T-Mobile is a telecommunications company that provides wireless voice, messaging, and data services in the United States and beyond. Founded in 1994, T-Mobile has grown to become one of the largest wireless service providers in the country, serving millions of customers with its LTE and 5G networks. In addition to its mobile services, the company offers a range of other products and services, including home internet, TV, and wearable technology. T-Mobile is known for its innovative and customer-focused approach and commitment to customer satisfaction.
When I came to the US, I visited the nearest T-mobile store and subscribed to one of their basic plans. A month later, I was sent a notification to recharge my account. I downloaded the app but for some reason, it wasn’t supported on my mobile (It still is not!). This pushed me to witness, for the first time, the T-Mobile website.
As a UX enthusiast, when I logged into my account and saw the home screen, I felt I was suddenly redirected to some random page. It is a UX minefield that is held together by a few working functionalities. I was reminded of all the design principles only by the fact they were missing on this site.

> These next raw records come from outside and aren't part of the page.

Lemma smk_np n (y : Y n) (x : X n) (h : (y, x).1 <> ptt Y n) :
  smk y x = Some (exist (fun p : (Y n * X n)%type => p.1 <> ptt Y n) (y, x) h).
Proof.
rewrite /smk; case: excluded_middle_informative => [e|h']; first by case: h.
by congr Some; apply: sig_eqP.
Qed.

Lemma match_smk (T : Type) n (y : Y n) (x : X n) (d : T) (F : (Y n * X n)%type -> T) :
  match smk y x with None => d | Some s => F (proj1_sig s) end =
  match excluded_middle_informative (y = ptt Y n) with
  | left _ => d | right _ => F (y, x) end.
Proof. by rewrite /smk; case: excluded_middle_informative. Qed.

Definition smact m n (f : Dmap m n) (z : smo n) : smo m :=
  match z with
  | None => None
  | Some s => smk (sact f (proj1_sig s).1) (sact f (proj1_sig s).2)
  end.

Lemma smact_smk m n (f : Dmap m n) (y : Y n) (x : X n) :
  smact f (smk y x) = smk (sact f y) (sact f x).
Proof.
rewrite /smact {1}/smk; case: excluded_middle_informative => [->|h] //=.
by rewrite sact_pt smk_pt.
Qed.

Definition smash_sset : sset.
Proof.
refine (@SSet smo smact _ _).
- move=> n [s|] //; rewrite smk_Some /smact /=.
  by rewrite -smk_Some !sact_id -smk_Some.
- move=> m n p g f [s|] //; rewrite /smact -/(smact g (Some s)).
  by rewrite !sact_comp -smact_smk.
Defined.

Definition smash : psset.
Proof. by refine (@PSSet smash_sset (fun n => None) _). Defined.

Lemma sact_smk m n (f : Dmap m n) (y : Y n) (x : X n) :
  @sact smash m n f (smk y x) = smk (sact f y) (sact f x).
Proof. exact: smact_smk. Qed.

(** counit  Y /\ X_+ -> Y /\ S^0 = Y, induced by X_+ -> S^0 *)
Definition scu n (z : smo n) : Y n :=
  match z with None => ptt Y n | Some s => (proj1_sig s).1 end.

Lemma scu_smk n (y : Y n) (x : X n) : scu (smk y x) = y.
Proof. by rewrite /scu /smk; case: excluded_middle_informative. Qed.

End Smash.

Section SmashMap.
Variables (Y Z : psset) (X X' : sset) (phi : pmap Y Z) (g : smap X X').

Definition smmapf n (z : smo Y X n) : smo Z X' n :=
  match z with
  | None => None
  | Some s => smk (phi n (proj1_sig s).1) (g n (proj1_sig s).2)
  end.

Lemma smmap_smk n (y : Y n) (x : X n) :
  smmapf (smk y x) = smk (phi n y) (g n x).
Proof.
rewrite /smmapf {1}/smk; case: excluded_middle_informative => [->|h] //=.
by rewrite pm_pt smk_pt.
Qed.

Definition smmap_s : smap (smash Y X) (smash Z X').
Proof.
refine (@SMap (smash Y X) (smash Z X') smmapf _).
move=> m n f [s|] //; rewrite [Some s]smk_Some.
rewrite (sact_smk (Y:=Y) (X:=X) f) !smmap_smk (sact_smk (Y:=Z) (X:=X') f).
by rewrite !smnat.
Defined.

Definition smmap : pmap (smash Y X) (smash Z X').
Proof. by refine (@PMap _ _ smmap_s _). Defined.

End SmashMap.

(** canonical isomorphism  (Y /\ X_+) /\ X_+  ~  Y /\ (X x X)_+ *)
Definition sassoc (Y : psset) (X : sset) n (z : smo (smash Y X) X n)
  : smo Y (sprod X) n :=
  match z with
  | None => None
  | Some s =>
      match (proj1_sig s).1 with
      | None => None
      | Some s' => @smk Y (sprod X) n (proj1_sig s').1
                                     ((proj1_sig s').2, (proj1_sig s).2)
      end
  end.

(** * Right comodules over X_+ *)
Record comod (X : sset) := Comod {
  cY :> psset;
  coact : pmap cY (smash cY X);
  coassoc : forall n (y : cY n),
      sassoc (smmap coact (sid X) n (coact n y)) =
      smmap (pid cY) (sdiag X) n (coact n y);
  counit : forall n (y : cY n), scu (coact n y) = y }.

Record cmor (X : sset) (A B : comod X) := CMor {
  cm :> pmap A B;
  cm_co : forall n (y : A n),
      coact B n (cm n y) = smmap cm (sid X) n (coact A n y) }.

(** pushout squares in Comod_{X_+}:
<<
      A --f1--> B
      |         |
     f2         g1
      v         v
      C --g2--> D
>>  *)
Definition is_pushout (X : sset) (A B C D : comod X)
  (f1 : cmor A B) (f2 : cmor A C) (g1 : cmor B D) (g2 : cmor C D) : Prop :=
  (forall n (x : A n), g1 n (f1 n x) = g2 n (f2 n x)) /\
  forall (W : comod X) (h1 : cmor B W) (h2 : cmor C W),
    (forall n (x : A n), h1 n (f1 n x) = h2 n (f2 n x)) ->
    exists u : cmor D W,
      (forall n x, u n (g1 n x) = h1 n x) /\
      (forall n x, u n (g2 n x) = h2 n x) /\
      (forall v : cmor D W,
          (forall n x, v n (g1 n x) = h1 n x) ->
          (forall n x, v n (g2 n x) = h2 n x) ->
          forall n x, v n x = u n x).

Lemma sm_case (Y : psset) (X : sset) n (z : smo Y X n) :
  z = None \/ exists (y : Y n) (x : X n), z = smk y x.
Proof. case: z => [s|]; last by left. by right; do 2 eexists; exact: smk_Some. Qed.

Lemma sassoc_smk (Y : psset) (X : sset) n (y : Y n) (x1 x2 : X n) :
  sassoc (@smk (smash Y X) X n (smk y x1) x2) = @smk Y (sprod X) n y (x1, x2).
Proof.
case: (excluded_middle_informative (y = ptt Y n)) => [->|h].
  by rewrite smk_pt (smk_pt (smash Y X)) smk_pt.
rewrite (smk_np h).
have h2 : (Some (exist (fun p : (Y n * X n)%type => p.1 <> ptt Y n) (y, x1) h), x2).1
          <> ptt (smash Y X) n by [].
by rewrite (@smk_np (smash Y X) X n _ x2 h2).
Qed.

(** * The pullback functor a^* : Comod_{X_+} -> Comod_{X'_+} *)
Section Pullback.
Variables (X X' : sset) (a : smap X' X).

Section Obj.
Variable (Y : comod X).

(** a^*Y : the pullback of  Y --rho--> Y /\ X_+ <--Y /\ a_+-- Y /\ X'_+ *)
Definition pbo n :=
  {p : (Y n * smo Y X' n)%type | coact Y n p.1 = smmap (pid Y) a n p.2}.
Lemma reach_maximal (P : pred 'I_p) q : P q ->
  exists2 m, P m && reach G q m & forall x, P x -> reach G m x -> x = m.
Proof.
move=> Pq; pose Q := [pred x | P x && reach G q x].
have Qq : Q q by rewrite inE /= Pq /reach connect0.
have [m /andP[Pm r_qm] max_m] := @arg_maxnP _ q Q pot Qq.
exists m => [|x Px r_mx]; first by rewrite Pm.
apply/eqP; apply: contraT => ne_xm.
have Qx : Q x by rewrite inE /= Px; apply: connect_trans r_qm r_mx.
by have /= := max_m x Qx; rewrite leqNgt (pot_reach r_mx) // eq_sym.
Qed.

Definition topo_key (v : 'I_p) : nat := (pot v * p + v)%N.

Lemma topo_key_inj : injective topo_key.
Proof.
move=> a b /(congr1 (modn^~ p)); rewrite /topo_key !modnMDl !modn_small //.
by move/val_inj.
Qed.

Lemma topo_key_lt a b : reach G a b -> a != b -> (topo_key a < topo_key b)%N.
Proof.
move=> r_ab ne_ab; have := pot_reach r_ab ne_ab; rewrite /topo_key.
have := ltn_ord a; have := ltn_ord b; nia.
Qed.
End DAG.

Section TotalEffect.
Variables (R : fieldType) (p : nat) (G : 'M[R]_p).

Definition effect_mx : 'M[R]_p := \sum_(k < p) G ^+ k.

Lemma reach_of_effect v j : total_effect G v j != 0 -> reach G j v.
Proof.
have s_TE : supported (reach G) effect_mx.
  apply: supported_sum => k; apply: supportedX; [exact: reach_refl | exact: reach_trans|].
  by move=> i j' e; apply: connect1.
exact: s_TE.
Qed.

Hypothesis dagG : is_dag G.

Lemma pow_pot m i j : (G ^+ m) i j != 0 -> (pot G j + m <= pot G i)%N.
Proof.
elim: m i => [|m IHm] i.
  by rewrite expr0 mxE; case: (eqVneq i j) => [->|]; rewrite ?addn0 ?eqxx.
rewrite exprS -mulmxE mxE; apply: contraNT; rewrite -ltnNge => lt_i.
rewrite big1 // => x _; apply/eqP; rewrite mulf_eq0.
case: (eqVneq (G i x) 0) => //= /(pot_edge dagG) lt_xi.
by apply/negPn/negP => /IHm; lia.
Qed.

Lemma pow_nilpotent : G ^+ p = 0.
Proof.
apply/matrixP=> i j; rewrite [RHS]mxE; apply/eqP; apply: contraT => /pow_pot.
by have := pot_bounds G i; have := pot_bounds G j; lia.
Qed.

Lemma total_effect_diag j : total_effect G j j = 1.
Proof.
have p_gt0 : (0 < p)%N by apply: leq_ltn_trans (ltn_ord j).
rewrite /total_effect summxE (bigD1 (Ordinal p_gt0)) //= expr0 mxE eqxx big1 ?addr0 //.
move=> k ne_k0; apply/eqP; apply: contraT => /pow_pot.
have : (k : nat) != 0%N by apply: contraNneq ne_k0 => k0; apply/eqP/val_inj.
lia.
Qed.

The primary aim of this project was to do an in-depth analysis of the usability and user experience of the website with psychological and design principles as guidelines.
- Also, to find gaps in the UX/UI design
- The use of content and microcopy across the platform
- The design inconsistencies
Right after I decided on working on the T-Mobile site, I started to gather some website account page designs of similar products. Here are a few of them:
When exploring the user account pages of similar products, most of them had a very intuitive and well-structured information architecture in place. The task flow was aptly defined with appropriate and crisp content that followed the keywords used in conversations.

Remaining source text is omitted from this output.